Lemma nfloor_ge1 a : 1 <= a -> (1 <= Defs.nfloor a)%nat.
Proof.
  intros Ha. unfold Defs.nfloor. destruct (base_Int_part a) as [H1 H2].
  assert (Z1 : (0 < Int_part a)%Z) by (apply lt_IZR; simpl; lra).
  lia.
Qed.

Lemma mul_Rpower_opp_pow M x r k :
  (M * Rpower x (- r)) ^ k = M ^ k * Rpower x (- (INR k * r)).
Proof.
  rewrite Rpow_mult_distr, <- (Rpower_pow k (Rpower x (- r))) by apply exp_pos.
  rewrite Rpower_mult. do 2 f_equal. ring.
Qed.

Lemma holder_lipschitz a M g : 1 <= a -> holder a M g ->
  forall x y, 0 <= x <= 1 -> 0 <= y <= 1 -> Rabs (g x - g y) <= M * Rabs (x - y).
Proof.
  intros Ha [Hd [Hb _]] x y Hx Hy.
  pose proof (nfloor_ge1 a Ha) as Hm.
  assert (Hin : forall z, Rmin x y <= z <= Rmax x y -> 0 <= z <= 1).
  { intros z Hz. unfold Rmin, Rmax in Hz. destruct Rle_dec; lra. }
  assert (Hg : forall z, Rmin x y <= z <= Rmax x y -> ex_derive g z).
  { intros z Hz. exact (Hd 0%nat z ltac:(lia) (Hin z Hz)). }
  destruct (MVT_gen g x y (Derive g)) as [c [Hc Heq]].
  - intros z Hz. apply Derive_correct, Hg. lra.
  - intros z Hz. apply continuity_pt_filterlim.
    apply (@ex_derive_continuous R_AbsRing R_NormedModule), Hg, Hz.
  - rewrite <- Rabs_Ropp, Ropp_minus_distr, Heq, Rabs_mult, (Rabs_minus_sym x y).
    apply Rmult_le_compat_r; [apply Rabs_pos|].
    exact (Hb 1%nat c Hm (Hin c Hc)).
Qed.

Lemma holder_modulus a M g : 0 < a -> 0 <= M -> holder a M g ->
  forall t x y, 0 < t -> 0 <= x <= 1 -> 0 <= y <= 1 -> Rabs (x - y) <= t ->
  Rabs (g x - g y) <= M * Rpower t (Rmin a 1).
Proof.
  intros Ha HM Hg t x y Ht Hx Hy Hxy.
  destruct (Rlt_le_dec a 1) as [Ha1 | Ha1].
  - destruct Hg as [_ [_ Hh]]. cbv zeta in Hh.
    rewrite nfloor_lt1, Rminus_0_r in Hh by lra. simpl in Hh.
    rewrite Rmin_left by lra.
    (* [Rpower 0 _ = 1], so the case [x = y] cannot go through monotonicity. *)
    destruct (Req_dec x y) as [<- | Hne].
    + rewrite Rminus_diag, Rabs_R0.
      apply Rmult_le_pos; [lra | left; apply exp_pos].
    + eapply Rle_trans; [exact (Hh x y Hx Hy) |].
      apply Rmult_le_compat_l; [lra |].
      apply Rle_Rpower_l; [lra |]. split; [apply Rabs_pos_lt; lra | exact Hxy].
  - rewrite Rmin_right, Rpower_1 by lra.
    eapply Rle_trans; [exact (holder_lipschitz a M g Ha1 Hg x y Hx Hy) |].
    apply Rmult_le_compat_l; lra.
Qed.

Lemma holder_grid_modulus a M g n : 0 < a -> 0 <= M -> holder a M g -> (1 <= n)%nat ->
  forall x y, 0 <= x <= 1 -> 0 <= y <= 1 -> Rabs (x - y) <= / INR n ->
  Rabs (g x - g y) <= M * Rpower (INR n) (- Rmin a 1).
Proof.
  intros Ha HM Hg Hn x y Hx Hy Hxy.
  assert (HN : 0 < INR n) by (apply lt_0_INR; lia).
  replace (Rpower (INR n) (- Rmin a 1)) with (Rpower (/ INR n) (Rmin a 1)).
  - apply (holder_modulus a M g); auto. now apply Rinv_0_lt_compat.
  - unfold Rpower. rewrite ln_Rinv by exact HN. f_equal; ring.
Qed.

(** [holder] says nothing about [g] outside [[0,1]]; precomposing with the
    retraction [clamp01] yields a function continuous on all of [R], as the
    integration lemmas require. *)
Definition clamp01 (x : R) : R := Rmax 0 (Rmin 1 x).

Lemma clamp01_range x : 0 <= clamp01 x <= 1.
Proof. unfold clamp01, Rmax, Rmin. repeat destruct Rle_dec; lra. Qed.

Lemma clamp01_id x : 0 <= x <= 1 -> clamp01 x = x.
Proof. intros H. unfold clamp01, Rmax, Rmin. repeat destruct Rle_dec; lra. Qed.

Lemma clamp01_lipschitz x y : Rabs (clamp01 x - clamp01 y) <= Rabs (x - y).
Proof.
  unfold clamp01, Rmax, Rmin, Rabs.
  repeat destruct Rle_dec; repeat destruct Rcase_abs; lra.
Qed.

Lemma holder_clamp01_continuity a M g : 0 < a -> 0 < M -> holder a M g ->
  continuity (fun x => g (clamp01 x)).
Proof.
  intros Ha HM Hg x eps Heps.
  assert (Hr : 0 < Rmin a 1) by (apply Rmin_glb_lt; lra).
  set (d := Rpower (eps / (2 * M)) (/ Rmin a 1)).
  assert (Hd : 0 < d) by apply exp_pos.
  exists d; split; [exact Hd |]. intros y [_ Hy]. simpl in *. unfold Rdist in *.
  eapply Rle_lt_trans.
  - apply (holder_modulus a M g Ha (Rlt_le _ _ HM) Hg d);
      try apply clamp01_range; [exact Hd |].
    eapply Rle_trans; [apply clamp01_lipschitz | lra].
  - unfold d. rewrite Rpower_mult, Rinv_l, Rpower_1 by (try apply Rdiv_lt_0_compat; lra).
    field_simplify; lra.
Qed.

Lemma ex_RInt_continuity f a b : continuity f -> ex_RInt f a b.
Proof.
  intros Hf. apply (@ex_RInt_continuous R_CompleteNormedModule).
  intros z _. apply continuity_pt_filterlim, Hf.
Qed.

Lemma continuity_sqr_sub h c : continuity h -> continuity (fun x => (h x - c) ^ 2).
Proof.
  intros Hh x. apply (continuity_pt_ext (fun x => (h x - c) * (h x - c))); [intros; ring |].
  apply continuity_pt_mult; apply continuity_pt_minus; trivial;
    apply continuity_pt_const; intros ? ?; reflexivity.
Qed.

Lemma RInt_affine h a b : ex_RInt h 0 1 ->
  RInt (fun x => a * h x + b) 0 1 = a * RInt h 0 1 + b.
Proof.
  intros Hh.
  assert (Hscal : RInt (fun x => a * h x) 0 1 = a * RInt h 0 1)
    by exact (RInt_scal h 0 1 a Hh).
  assert (Hconst : RInt (fun _ => b) 0 1 = (1 - 0) * b) by exact (RInt_const 0 1 b).
  rewrite (RInt_plus (fun x => a * h x) (fun _ => b));
    [| exact (ex_RInt_scal h 0 1 a Hh) | apply ex_RInt_const].
  change (RInt (fun x => a * h x) 0 1 + RInt (fun _ => b) 0 1 = a * RInt h 0 1 + b).
  rewrite Hscal, Hconst. ring.
Qed.

Lemma RInt_sqr_sub_mean_le h c : continuity h ->
  RInt (fun x => (h x - RInt h 0 1) ^ 2) 0 1 <= RInt (fun x => (h x - c) ^ 2) 0 1.
Proof.
  intros Hh. set (m := RInt h 0 1).
  assert (Hint : ex_RInt h 0 1) by now apply ex_RInt_continuity.
  set (lin := fun x => 2 * (m - c) * h x + (c ^ 2 - m ^ 2)).
  assert (Hlin : RInt lin 0 1 = (m - c) ^ 2 :> R).
  { unfold lin. rewrite RInt_affine by exact Hint. fold m. ring. }
  assert (Hsplit : RInt (fun x => (h x - m) ^ 2 + lin x) 0 1
                   = RInt (fun x => (h x - m) ^ 2) 0 1 + RInt lin 0 1).
  { exact (RInt_plus _ _ 0 1 (ex_RInt_continuity _ 0 1 (continuity_sqr_sub h m Hh))
             (ex_RInt_plus _ _ 0 1 (ex_RInt_scal h 0 1 _ Hint) (ex_RInt_const 0 1 _))). }
  rewrite (RInt_ext (fun x => (h x - c) ^ 2) (fun x => (h x - m) ^ 2 + lin x))
    by (intros x _; unfold lin; simpl; ring).
  rewrite Hsplit, Hlin. pose proof (pow2_ge_0 (m - c)). lra.
Qed.

Lemma RInt_sqr_sub_mean_ext g h : (forall x, 0 <= x <= 1 -> g x = h x) ->
  RInt (fun x => (g x - RInt g 0 1) ^ 2) 0 1 = RInt (fun x => (h x - RInt h 0 1) ^ 2) 0 1.
Proof.
  intros Hgh.
  assert (Hin : forall x, Rmin 0 1 < x < Rmax 0 1 -> 0 <= x <= 1).
  { intros x. rewrite Rmin_left, Rmax_right by lra. lra. }
  assert (Hmean : RInt g 0 1 = RInt h 0 1).
  { apply RInt_ext. intros x Hx. now apply Hgh, Hin. }
  rewrite Hmean. apply RInt_ext. intros x Hx. simpl. now rewrite (Hgh x (Hin x Hx)).
Qed.

Lemma grid_cell n i : (1 <= n)%nat -> (i <= pred n)%nat ->
  0 <= INR i / INR n /\ INR (S i) / INR n <= 1 /\
  INR (S i) / INR n - INR i / INR n = / INR n.
Proof.
  intros Hn Hi. assert (HN : 0 < INR n) by (apply lt_0_INR; lia).
  assert (HSi : INR (S i) <= INR n) by (apply le_INR; lia).
  pose proof (pos_INR i).
  split; [| split].
  - apply Rmult_le_pos; [lra | left; now apply Rinv_0_lt_compat].
  - apply (Rmult_le_reg_r (INR n)); [exact HN |].
    unfold Rdiv. rewrite Rmult_assoc, Rinv_l; lra.
  - rewrite S_INR. field. lra.
Qed.

Lemma RInt_grid_sum g n : continuity g -> (1 <= n)%nat ->
  RInt g 0 1 = sum_f_R0 (fun i => RInt g (INR i / INR n) (INR (S i) / INR n)) (pred n).
Proof.
  intros Hg Hn.
  assert (HN : 0 < INR n) by (apply lt_0_INR; lia).
  assert (Hpartial : forall k, RInt g 0 (INR (S k) / INR n) =
     sum_f_R0 (fun i => RInt g (INR i / INR n) (INR (S i) / INR n)) k).
  { induction k as [| k IH].
    - simpl. f_equal. unfold Rdiv. ring.
    - change (sum_f_R0 ?F (S k)) with (sum_f_R0 F k + F (S k)). rewrite <- IH. symmetry.
      exact (RInt_Chasles g 0 (INR (S k) / INR n) (INR (S (S k)) / INR n)
               (ex_RInt_continuity _ _ _ Hg) (ex_RInt_continuity _ _ _ Hg)). }
  rewrite <- Hpartial. replace (S (pred n)) with n by lia.
  f_equal. field. lra.
Qed.

Lemma RInt_le_const g a b K : continuity g -> a <= b ->
  (forall x, a < x < b -> g x <= K) -> RInt g a b <= (b - a) * K.
Proof.
  intros Hg Hab HK.
  assert (HKint : RInt (fun _ => K) a b = (b - a) * K) by exact (RInt_const a b K).
  rewrite <- HKint.
  apply RInt_le; auto using ex_RInt_continuity.
  apply ex_RInt_const.
Qed.

Lemma avg_le n u v : (1 <= n)%nat -> (forall i, (i <= pred n)%nat -> u i <= v i) ->
  avg n u <= avg n v.
Proof.
  intros Hn H. unfold avg. apply Rmult_le_compat_l.
  - left. apply Rinv_0_lt_compat, lt_0_INR. lia.
  - now apply sum_Rle.
Qed.

Lemma avg_const n k : (1 <= n)%nat -> avg n (fun _ => k) = k.
Proof.
  intros Hn. unfold avg. rewrite sum_cte. replace (S (pred n)) with n by lia.
  field. apply not_0_INR. lia.
Qed.

Lemma avg_plus_const n u k : (1 <= n)%nat -> avg n (fun i => u i + k) = avg n u + k.
Proof.
  intros Hn. unfold avg. rewrite plus_sum, Rmult_plus_distr_l. f_equal.
  exact (avg_const n k Hn).
Qed.

Lemma avg_bounds n u lo hi : (1 <= n)%nat ->
  (forall i, (i <= pred n)%nat -> lo <= u i <= hi) -> lo <= avg n u <= hi.
Proof.
  intros Hn H. rewrite <- (avg_const n lo Hn), <- (avg_const n hi Hn) at 1.
  split; apply avg_le; firstorder.
Qed.

Lemma RInt_le_avg g n K : continuity g -> (1 <= n)%nat ->
  (forall i x, (i <= pred n)%nat -> INR i / INR n < x < INR (S i) / INR n -> g x <= K i) ->
  RInt g 0 1 <= avg n K.
Proof.
  intros Hg Hn HK. rewrite (RInt_grid_sum g n Hg Hn). unfold avg. rewrite scal_sum.
  apply sum_Rle. intros i Hi.
  destruct (grid_cell n i Hn Hi) as [_ [_ Hwidth]].
  rewrite Rmult_comm, <- Hwidth.
  apply RInt_le_const; auto.
  enough (0 < / INR n) by lra. apply Rinv_0_lt_compat, lt_0_INR. lia.
Qed.

Lemma sqr_sub_le_midpoint u p q c e : Rabs (u - p) <= e -> Rabs (u - q) <= e ->
  (u - c / 2) ^ 2 <= (p + q - c) ^ 2 / 2 + 2 * e ^ 2.
Proof.
  intros Hp Hq. apply Rabs_le_between in Hp, Hq.
  set (a := u - (p + q) / 2).
  assert (Ha : a ^ 2 <= e ^ 2) by (apply pow_maj_Rabs, Rabs_le; unfold a; lra).
  assert (Hsplit : u - c / 2 = a + (p + q - c) / 2) by (unfold a; field).
  rewrite Hsplit.
  pose proof (pow2_ge_0 (a - (p + q - c) / 2)). nra.
Qed.

Lemma sqr_sub_le_shifted w d wb db E : 0 <= d <= E -> 0 <= db <= E ->
  (w - wb) ^ 2 / 2 <= (w + d - wb - db) ^ 2 + E ^ 2.
Proof.
  intros Hd Hdb.
  assert (Hshift : (d - db) ^ 2 <= E ^ 2) by (apply pow_maj_Rabs, Rabs_le; lra).
  pose proof (pow2_ge_0 (w + d - wb - db + (d - db))). nra.
Qed.

Lemma holder_cell_sqr_sub b M V n i x c : 0 < b -> 0 <= M -> holder b M V ->
  (1 <= n)%nat -> (i <= pred n)%nat -> INR i / INR n <= x <= INR (S i) / INR n ->
  (V x - c / 2) ^ 2 <= (W_i n V i - c) ^ 2 / 2 + 2 * (M * Rpower (INR n) (- Rmin b 1)) ^ 2.
Proof.
  intros Hb HM HV Hn Hi Hx.
  destruct (grid_cell n i Hn Hi) as [Hlo [Hhi Hwidth]].
  pose proof (Rinv_0_lt_compat _ (lt_0_INR n ltac:(lia))).
  assert (Hmod := holder_grid_modulus b M V n Hb HM HV Hn).
  apply sqr_sub_le_midpoint; apply Hmod; try lra; apply Rabs_le; lra.
Qed.

Lemma holder_delta_i_sqr_bounds a M f n i : 0 < a -> 0 <= M -> holder a M f ->
  (1 <= n)%nat -> (i <= pred n)%nat ->
  0 <= delta_i n f i ^ 2 <= (M * Rpower (INR n) (- Rmin a 1)) ^ 2.
Proof.
  intros Ha HM Hf Hn Hi.
  destruct (grid_cell n i Hn Hi) as [Hlo [Hhi Hwidth]].
  pose proof (Rinv_0_lt_compat _ (lt_0_INR n ltac:(lia))).
  split; [apply pow2_ge_0 |].
  apply pow_maj_Rabs, (holder_grid_modulus a M f n Ha HM Hf Hn); try lra.
  apply Rabs_le. lra.
Qed.

Lemma T_stat_ge0 n f V : (1 <= n)%nat -> 0 <= T_stat n f V.
Proof.
  intros Hn. unfold T_stat. rewrite <- (avg_const n 0 Hn).
  apply avg_le; [exact Hn |]. intros. apply pow2_ge_0.
Qed.

Lemma holder_RInt_sqr_sub_mean_le_avg b M V n c : 0 < b -> 0 < M -> holder b M V ->
  (1 <= n)%nat ->
  RInt (fun x => (V x - RInt V 0 1) ^ 2) 0 1
    <= avg n (fun i => (W_i n V i - c) ^ 2 / 2)
       + 2 * M ^ 2 * Rpower (INR n) (- (2 * Rmin b 1)).
Proof.
  intros Hb HM HV Hn.
  rewrite (RInt_sqr_sub_mean_ext V (fun x => V (clamp01 x)))
    by (intros x Hx; now rewrite clamp01_id).
  assert (HVc := holder_clamp01_continuity b M V Hb HM HV).
  eapply Rle_trans; [exact (RInt_sqr_sub_mean_le _ (c / 2) HVc) |].
  replace (2 * M ^ 2 * Rpower (INR n) (- (2 * Rmin b 1)))
    with (2 * (M * Rpower (INR n) (- Rmin b 1)) ^ 2)
    by (rewrite mul_Rpower_opp_pow; simpl INR; ring_simplify (1 + 1); ring).
  rewrite <- avg_plus_const by exact Hn.
  apply RInt_le_avg; [now apply continuity_sqr_sub | exact Hn |].
  intros i x Hi Hx. destruct (grid_cell n i Hn Hi) as [Hlo [Hhi _]].
  pose proof (Rinv_0_lt_compat _ (lt_0_INR n ltac:(lia))).
  rewrite clamp01_id by lra.
  apply holder_cell_sqr_sub; auto with real; lra.
Qed.

Lemma holder_avg_sqr_sub_mean_le_T_stat a M f V n : 0 < a -> 0 <= M -> holder a M f ->
  (1 <= n)%nat ->
  avg n (fun i => (W_i n V i - avg n (W_i n V)) ^ 2 / 2)
    <= T_stat n f V + M ^ 4 * Rpower (INR n) (- (4 * Rmin a 1)).
Proof.
  intros Ha HM Hf Hn.
  set (E := (M * Rpower (INR n) (- Rmin a 1)) ^ 2).
  assert (Hdelta := fun i => holder_delta_i_sqr_bounds a M f n i Ha HM Hf Hn).
  assert (Hmean : 0 <= avg n (fun i => delta_i n f i ^ 2) <= E)
    by (apply avg_bounds; auto).
  replace (M ^ 4 * Rpower (INR n) (- (4 * Rmin a 1))) with (E ^ 2).
  - unfold T_stat. rewrite <- avg_plus_const by exact Hn.
    apply avg_le; [exact Hn |]. intros i Hi.
    exact (sqr_sub_le_shifted _ _ _ _ E (Hdelta i Hi) Hmean).
  - unfold E. rewrite <- pow_mult, mul_Rpower_opp_pow.
    replace (INR (2 * 2)) with 4 by (simpl; ring). reflexivity.
Qed.

Lemma Rplus_le_weighted_sum T Pb Pa M : 0 <= T -> 0 <= Pb -> 0 <= Pa ->
  T + 2 * M ^ 2 * Pb + M ^ 4 * Pa <= (1 + 2 * M ^ 2 + M ^ 4) * (T + Pb + Pa).
Proof.
  intros HT HPb HPa. pose proof (pow2_ge_0 M). pose proof (pow2_ge_0 (M ^ 2)).
  nra.
Qed.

____________

• [WHAT IS NEEDED]:
If a line in the data contains the string "Defs", count it, then give the total and nothing else.

• [FINAL ANSWER]:
2